***** EXTRACTED ENTRIES

(* Consider the dynamic load balancing game described in the context, where every player follows the best-response algorithm. Then, with $t'=\max_{j\in[m]}\lceil s_j^0/\mu_j\rceil$, for every time $t\ge t'$ the player $i$ who receives the job at time $t$ distributes it among all the servers, i.e., $a_{ij}^t>0$ for all $j\in[m]$ and all $t\ge t'$.
   Context: Dynamic load balancing game: there are $m$ servers with service rates $\mu_j>0$ and $n$ players with job lengths $\lambda_i>0$; let $\lambda_{\max}=\max_i\lambda_i$, and assume $\lambda_{\max}<\sum_{j=1}^m\mu_j$. Time is discrete, $t=0,1,2,\dots$; the state at time $t$ is $s^t=(s_1^t,\dots,s_m^t)$ with $s_j^t\ge0$ the load on server $j$, and $s^0$ is the given initial state. At each time $t$ exactly one player $i$ receives a new job of length $\lambda_i$ and immediately chooses an action $a_i^t$ in the simplex $\{a:\sum_j a_j=1,a_j\ge0\}$, incurring cost $$D_i(a^t,s^t)=\sum_{j=1}^m\lambda_i a_{ij}^t\left(\frac{\lambda_i a_{ij}^t}{2\mu_j}+\frac{s_j^t}{\mu_j}\right),$$ after which the state evolves as $s_j^{t+1}=\max\{0,\ s_j^t+\lambda_i a_{ij}^t-\mu_j\}$ for all $j$. Best-response algorithm: the player $i$ receiving the job at time $t$ observes $s^t$ and chooses $a_i^t$ as the (unique) minimizer of $D_i(a_i,s^t)$ over the simplex (equivalently, the greedy water-filling rule: with servers sorted by $\mu_j/s_j^t$ in decreasing order, put mass on the first $c-1$ servers so that $(\lambda_i a_{ij}^t+s_j^t)/\mu_j$ is equal on them, where $c$ is the smallest index with $\frac{s_c^t}{\mu_c}\ge\frac{\lambda_i+\sum_{k<c}s_k^t}{\sum_{k<c}\mu_k}$, or $c=m+1$ if none). *)

From mathcomp Require Import all_boot all_order all_algebra.
Set Implicit Arguments. Unset Strict Implicit. Unset Printing Implicit Defensive.
Import Order.TTheory GRing.Theory Num.Theory.
Local Open Scope ring_scope.

Section LB.
Variable R : archiRealFieldType.
Variable m : nat.

Definition in_simplex (a : 'I_m -> R) : Prop :=
  (forall j, 0 <= a j) /\ \sum_(j < m) a j = 1.

Definition cost (mu : 'I_m -> R) (lam : R) (a s : 'I_m -> R) : R :=
  \sum_(j < m) lam * a j * (lam * a j / (2 * mu j) + s j / mu j).

Definition best_response (mu : 'I_m -> R) (lam : R) (s a : 'I_m -> R) : Prop :=
  in_simplex a /\ (forall b, in_simplex b -> cost mu lam a s <= cost mu lam b s).

Definition next_state (mu : 'I_m -> R) (lam : R) (s a : 'I_m -> R) : 'I_m -> R :=
  fun j => Num.max 0 (s j + lam * a j - mu j).

(* t' = max_j ceil(s_j^0 / mu_j)  (as an integer; all terms are >= 0) *)
Definition t_prime (mu s0 : 'I_m -> R) : int :=
  \big[Num.max/0%R]_(j < m) Num.ceil (s0 j / mu j).
End LB.

Definition lambda_max (R : archiRealFieldType) (n : nat) (lam : 'I_n -> R) : R :=
  \big[Num.max/0%R]_(i < n) lam i.

(** A best response equalises the finish times [(lam a_j + s_j) / mu_j] on
    the servers it uses and leaves idle only servers whose current delay
    [s_j / mu_j] already exceeds that common level (an exchange argument on the
    separable convex cost).  Under best responses the delay of a server can
    exceed that of another one only through its initial surplus, which drains
    at rate one per step, since an overloaded server gets no new work; hence
    from time [t'] on all delays coincide, and a server of minimal delay always
    receives a positive share. *)

From mathcomp Require Import all_boot all_order all_algebra.
From mathcomp Require Import ring lra.
Import Order.TTheory GRing.Theory Num.Theory.
Local Open Scope ring_scope.

Set Implicit Arguments.
Unset Strict Implicit.
Unset Printing Implicit Defensive.

Lemma bigD2 (I : finType) (V : nmodType) (F : I -> V) (j k : I) : j != k ->
  \sum_i F i = F j + F k + \sum_(i | (i != j) && (i != k)) F i.
Proof.
move=> jk; rewrite (bigD1 j) //= (bigD1 k) /= 1?eq_sym //.
by rewrite addrA.
Qed.

Section Transfer.
Variables (R : archiRealFieldType) (m : nat).

Definition transfer (a : 'I_m -> R) (j k : 'I_m) (e : R) : 'I_m -> R :=
  fun i => if i == j then a j - e else if i == k then a k + e else a i.

Lemma sum_transfer (F : 'I_m -> R -> R) a j k e : j != k ->
  \sum_i F i (transfer a j k e i) - \sum_i F i (a i) =
  F j (a j - e) + F k (a k + e) - (F j (a j) + F k (a k)).
Proof.
move=> jk; rewrite (bigD2 _ jk) (bigD2 _ jk) /transfer eqxx eq_sym (negbTE jk) eqxx.
rewrite (eq_bigr (fun i => F i (a i))); first by ring.
by move=> i /andP[/negbTE -> /negbTE ->].
Qed.

Lemma in_simplex_transfer a j k e : j != k -> in_simplex a -> 0 <= e <= a j ->
  in_simplex (transfer a j k e).
Proof.
move=> jk [a_ge0 a_sum1] /andP[e_ge0 e_le]; split.
  move=> i; rewrite /transfer; case: ifP => _; first by rewrite subr_ge0.
  by case: ifP => _; [apply: addr_ge0 | apply: a_ge0].
apply/eqP; rewrite -subr_eq0 -[X in _ - X]a_sum1.
by rewrite (sum_transfer (fun _ x => x)) //=; apply/eqP; ring.
Qed.

Lemma separable_argmin_transfer (F : 'I_m -> R -> R) a j k e :
  in_simplex a ->
  (forall b, in_simplex b -> \sum_i F i (a i) <= \sum_i F i (b i)) ->
  j != k -> 0 <= e <= a j ->
  F j (a j) + F k (a k) <= F j (a j - e) + F k (a k + e).
Proof.
move=> a_simplex a_min jk e_range.
have := a_min _ (in_simplex_transfer jk a_simplex e_range).
by rewrite -subr_ge0 sum_transfer // subr_ge0.
Qed.

End Transfer.

Section BestResponse.
Variables (R : archiRealFieldType) (m : nat) (mu : 'I_m -> R).
Hypothesis mu_gt0 : forall j, 0 < mu j.

Definition delay (s : 'I_m -> R) (j : 'I_m) : R := s j / mu j.

Definition finish_time (lam : R) (s a : 'I_m -> R) (j : 'I_m) : R :=
  (lam * a j + s j) / mu j.

Definition server_cost (lam : R) (s : 'I_m -> R) (j : 'I_m) (x : R) : R :=
  lam * x * (lam * x / (2 * mu j) + s j / mu j).

Lemma server_cost_transfer lam s a j k e :
  server_cost lam s j (a j - e) + server_cost lam s k (a k + e)
  - (server_cost lam s j (a j) + server_cost lam s k (a k)) =
  lam * e * (finish_time lam s a k - finish_time lam s a j
             + lam * e * (1 / (2 * mu j) + 1 / (2 * mu k))).
Proof.
rewrite /server_cost /finish_time /=; field.
by rewrite !lt0r_neq0.
Qed.

Lemma best_response_finish_le lam s a j k : 0 < lam ->
  best_response mu lam s a -> 0 < a j ->
  finish_time lam s a j <= finish_time lam s a k.
Proof.
move=> lam_gt0 [a_simplex a_min] aj_gt0.
have [-> // | jk] := eqVneq j k.
apply/ler_addgt0Pr => eps eps_gt0.
set h := 1 / (2 * mu j) + 1 / (2 * mu k).
have h_gt0 : 0 < h by apply: addr_gt0; rewrite divr_gt0 // mulr_gt0.
set e := Num.min (a j) (eps / (lam * h)).
have e_gt0 : 0 < e by rewrite lt_min aj_gt0 !divr_gt0 // mulr_gt0.
have e_le : lam * h * e <= eps.
  by rewrite -ler_pdivlMl ?mulr_gt0 // mulrC ge_min lexx orbT.
have gain : 0 <= server_cost lam s j (a j - e) + server_cost lam s k (a k + e)
                 - (server_cost lam s j (a j) + server_cost lam s k (a k)).
  rewrite subr_ge0; apply: (separable_argmin_transfer a_simplex a_min jk).
  by rewrite ltW // ge_min lexx.
move: gain; rewrite server_cost_transfer pmulr_rge0 ?mulr_gt0 // -/h; lra.
Qed.

Lemma best_response_eq0 lam s a j k : 0 < lam -> best_response mu lam s a ->
  finish_time lam s a k < finish_time lam s a j -> a j = 0.
Proof.
move=> lam_gt0 br fk_lt; have [[a_ge0 _] _] := br.
apply/eqP; rewrite eq_le a_ge0 andbT leNgt; apply/negP => aj_gt0.
by have := best_response_finish_le k lam_gt0 br aj_gt0; rewrite leNgt fk_lt.
Qed.

Lemma delay_ge0 s j : 0 <= s j -> 0 <= delay s j.
Proof. by move=> sj_ge0; rewrite divr_ge0 // ltW. Qed.

Lemma delay_le_finish_time lam s a j : 0 <= lam -> 0 <= a j ->
  delay s j <= finish_time lam s a j.
Proof.
move=> lam_ge0 aj_ge0; rewrite /delay /finish_time mulrDl.
have : 0 <= lam * a j / mu j by rewrite divr_ge0 ?mulr_ge0 // ltW.
lra.
Qed.

Lemma delay_next_state lam s a j :
  delay (next_state mu lam s a) j = Num.max 0 (finish_time lam s a j - 1).
Proof.
rewrite /delay /next_state /finish_time maxr_pMl ?invr_ge0 ?ltW // mul0r.
by congr (Num.max 0 _); field; rewrite lt0r_neq0.
Qed.

Lemma delay_next_state_le lam s a j k c : 0 < lam -> best_response mu lam s a ->
  delay s j <= Num.max (delay s k) c ->
  delay (next_state mu lam s a) j <= Num.max (delay (next_state mu lam s a) k) (c - 1).
Proof.
move=> lam_gt0 br delay_le; have [[a_ge0 _] _] := br.
rewrite !delay_next_state.
have [fj_le | fk_lt] := leP (finish_time lam s a j) (finish_time lam s a k).
  apply: le_trans (le_max2 (lexx 0) (lerB fj_le (lexx 1))) _.
  by rewrite le_max lexx.
have aj0 := best_response_eq0 lam_gt0 br fk_lt.
have dk_le := delay_le_finish_time s (ltW lam_gt0) (a_ge0 k).
have fj_eq : finish_time lam s a j = delay s j by rewrite /finish_time aj0 mulr0 add0r.
move: delay_le fk_lt; rewrite fj_eq le_max => /orP[dj_le | dj_le] fk_lt; first lra.
by rewrite ge_max !le_max lexx (lerB dj_le (lexx 1)) !orbT.
Qed.

Lemma best_response_gt0_at_min_delay lam s a j : 0 < lam ->
  best_response mu lam s a -> (forall k, delay s j <= delay s k) -> 0 < a j.
Proof.
move=> lam_gt0 br j_min; have [[a_ge0 a_sum1] _] := br.
rewrite lt_neqAle a_ge0 andbT eq_sym; apply/eqP => aj0.
have [k ak_gt0 | a_le0] := pickP (fun k => 0 < a k); last first.
  move: a_sum1; rewrite big1 => [/eqP | i _]; first by rewrite eq_sym oner_eq0.
  by apply/eqP; rewrite eq_le a_ge0 andbT leNgt a_le0.
have := best_response_finish_le j lam_gt0 br ak_gt0.
rewrite /finish_time aj0 mulr0 add0r mulrDl -/(delay s k) -/(delay s j).
have : 0 < lam * a k / mu k by rewrite !mulr_gt0 ?invr_gt0.
have := j_min k; lra.
Qed.

End BestResponse.

Section Trajectory.
Variables (R : archiRealFieldType) (m n : nat) (mu : 'I_m -> R) (lam : 'I_n -> R).
Variables (player : nat -> 'I_n) (a s : nat -> 'I_m -> R).
Hypotheses (mu_gt0 : forall j, 0 < mu j) (lam_gt0 : forall i, 0 < lam i).
Hypothesis s0_ge0 : forall j, 0 <= s 0%N j.
Hypothesis br : forall t, best_response mu (lam (player t)) (s t) (a t).
Hypothesis step : forall t, s t.+1 = next_state mu (lam (player t)) (s t) (a t).

Lemma state_ge0 t j : 0 <= s t j.
Proof. by case: t => [|t]; rewrite ?step /next_state ?le_max ?lexx. Qed.

Lemma delay_trajectory_le t j k :
  delay mu (s t) j <= Num.max (delay mu (s t) k) (delay mu (s 0%N) j - t%:R).
Proof.
elim: t => [|t IH]; first by rewrite subr0 le_max lexx orbT.
by rewrite step -natr1 opprD addrA; apply: delay_next_state_le.
Qed.

Lemma delay_trajectory_balanced t j k : delay mu (s 0%N) j <= t%:R ->
  delay mu (s t) j <= delay mu (s t) k.
Proof.
move=> drained; have := delay_trajectory_le t j k.
rewrite le_max => /orP[// | dj_le].
have := delay_ge0 mu_gt0 (state_ge0 t k); lra.
Qed.

End Trajectory.

Lemma delay_le_t_prime (R : archiRealFieldType) m (mu s0 : 'I_m -> R) (t : nat) j :
  t_prime mu s0 <= t%:Z -> delay mu s0 j <= t%:R.
Proof.
move=> t_ge; rewrite /delay -[t%:R]/(t%:Z%:~R) -ceil_le_int; apply: le_trans t_ge.
exact: (le_bigmax _ (fun i => Num.ceil (s0 i / mu i))).
Qed.

Theorem lemma2 (R : archiRealFieldType) (m n : nat)
    (mu : 'I_m -> R) (lam : 'I_n -> R) (s0 : 'I_m -> R)
    (player : nat -> 'I_n) (a s : nat -> 'I_m -> R) :
  (forall j, 0 < mu j) ->
  (forall i, 0 < lam i) ->
  lambda_max lam < \sum_(j < m) mu j ->
  (forall j, 0 <= s0 j) ->
  s 0%N = s0 ->
  (forall t, best_response mu (lam (player t)) (s t) (a t)) ->
  (forall t, s t.+1 = next_state mu (lam (player t)) (s t) (a t)) ->
  forall t : nat, t_prime mu s0 <= t%:Z -> forall j, 0 < a t j.
Proof.
move=> mu_gt0 lam_gt0 _ s0_ge0 s_0 br step t t_ge j.
apply: (best_response_gt0_at_min_delay mu_gt0 (lam_gt0 _) (br t)) => k.
subst s0; apply: (delay_trajectory_balanced mu_gt0 lam_gt0 s0_ge0 br step).
exact: delay_le_t_prime.
Qed.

**********

WHAT TO DO:
From the data above, reproduce word for word the lines running from the line with "move=> jk; rewrite (bigD1" to the line with "Hypothesis mu_gt0 : forall j, 0 < mu j.", ends included.

OUTPUT BELOW:
move=> jk; rewrite (bigD1 j) //= (bigD1 k) /= 1?eq_sym //.
by rewrite addrA.
Qed.

Section Transfer.
Variables (R : archiRealFieldType) (m : nat).

Definition transfer (a : 'I_m -> R) (j k : 'I_m) (e : R) : 'I_m -> R :=
  fun i => if i == j then a j - e else if i == k then a k + e else a i.

Lemma sum_transfer (F : 'I_m -> R -> R) a j k e : j != k ->
  \sum_i F i (transfer a j k e i) - \sum_i F i (a i) =
  F j (a j - e) + F k (a k + e) - (F j (a j) + F k (a k)).
Proof.
move=> jk; rewrite (bigD2 _ jk) (bigD2 _ jk) /transfer eqxx eq_sym (negbTE jk) eqxx.
rewrite (eq_bigr (fun i => F i (a i))); first by ring.
by move=> i /andP[/negbTE -> /negbTE ->].
Qed.

Lemma in_simplex_transfer a j k e : j != k -> in_simplex a -> 0 <= e <= a j ->
  in_simplex (transfer a j k e).
Proof.
move=> jk [a_ge0 a_sum1] /andP[e_ge0 e_le]; split.
  move=> i; rewrite /transfer; case: ifP => _; first by rewrite subr_ge0.
  by case: ifP => _; [apply: addr_ge0 | apply: a_ge0].
apply/eqP; rewrite -subr_eq0 -[X in _ - X]a_sum1.
by rewrite (sum_transfer (fun _ x => x)) //=; apply/eqP; ring.
Qed.

Lemma separable_argmin_transfer (F : 'I_m -> R -> R) a j k e :
  in_simplex a ->
  (forall b, in_simplex b -> \sum_i F i (a i) <= \sum_i F i (b i)) ->
  j != k -> 0 <= e <= a j ->
  F j (a j) + F k (a k) <= F j (a j - e) + F k (a k + e).
Proof.
move=> a_simplex a_min jk e_range.
have := a_min _ (in_simplex_transfer jk a_simplex e_range).
by rewrite -subr_ge0 sum_transfer // subr_ge0.
Qed.

End Transfer.

Section BestResponse.
Variables (R : archiRealFieldType) (m : nat) (mu : 'I_m -> R).
Hypothesis mu_gt0 : forall j, 0 < mu j.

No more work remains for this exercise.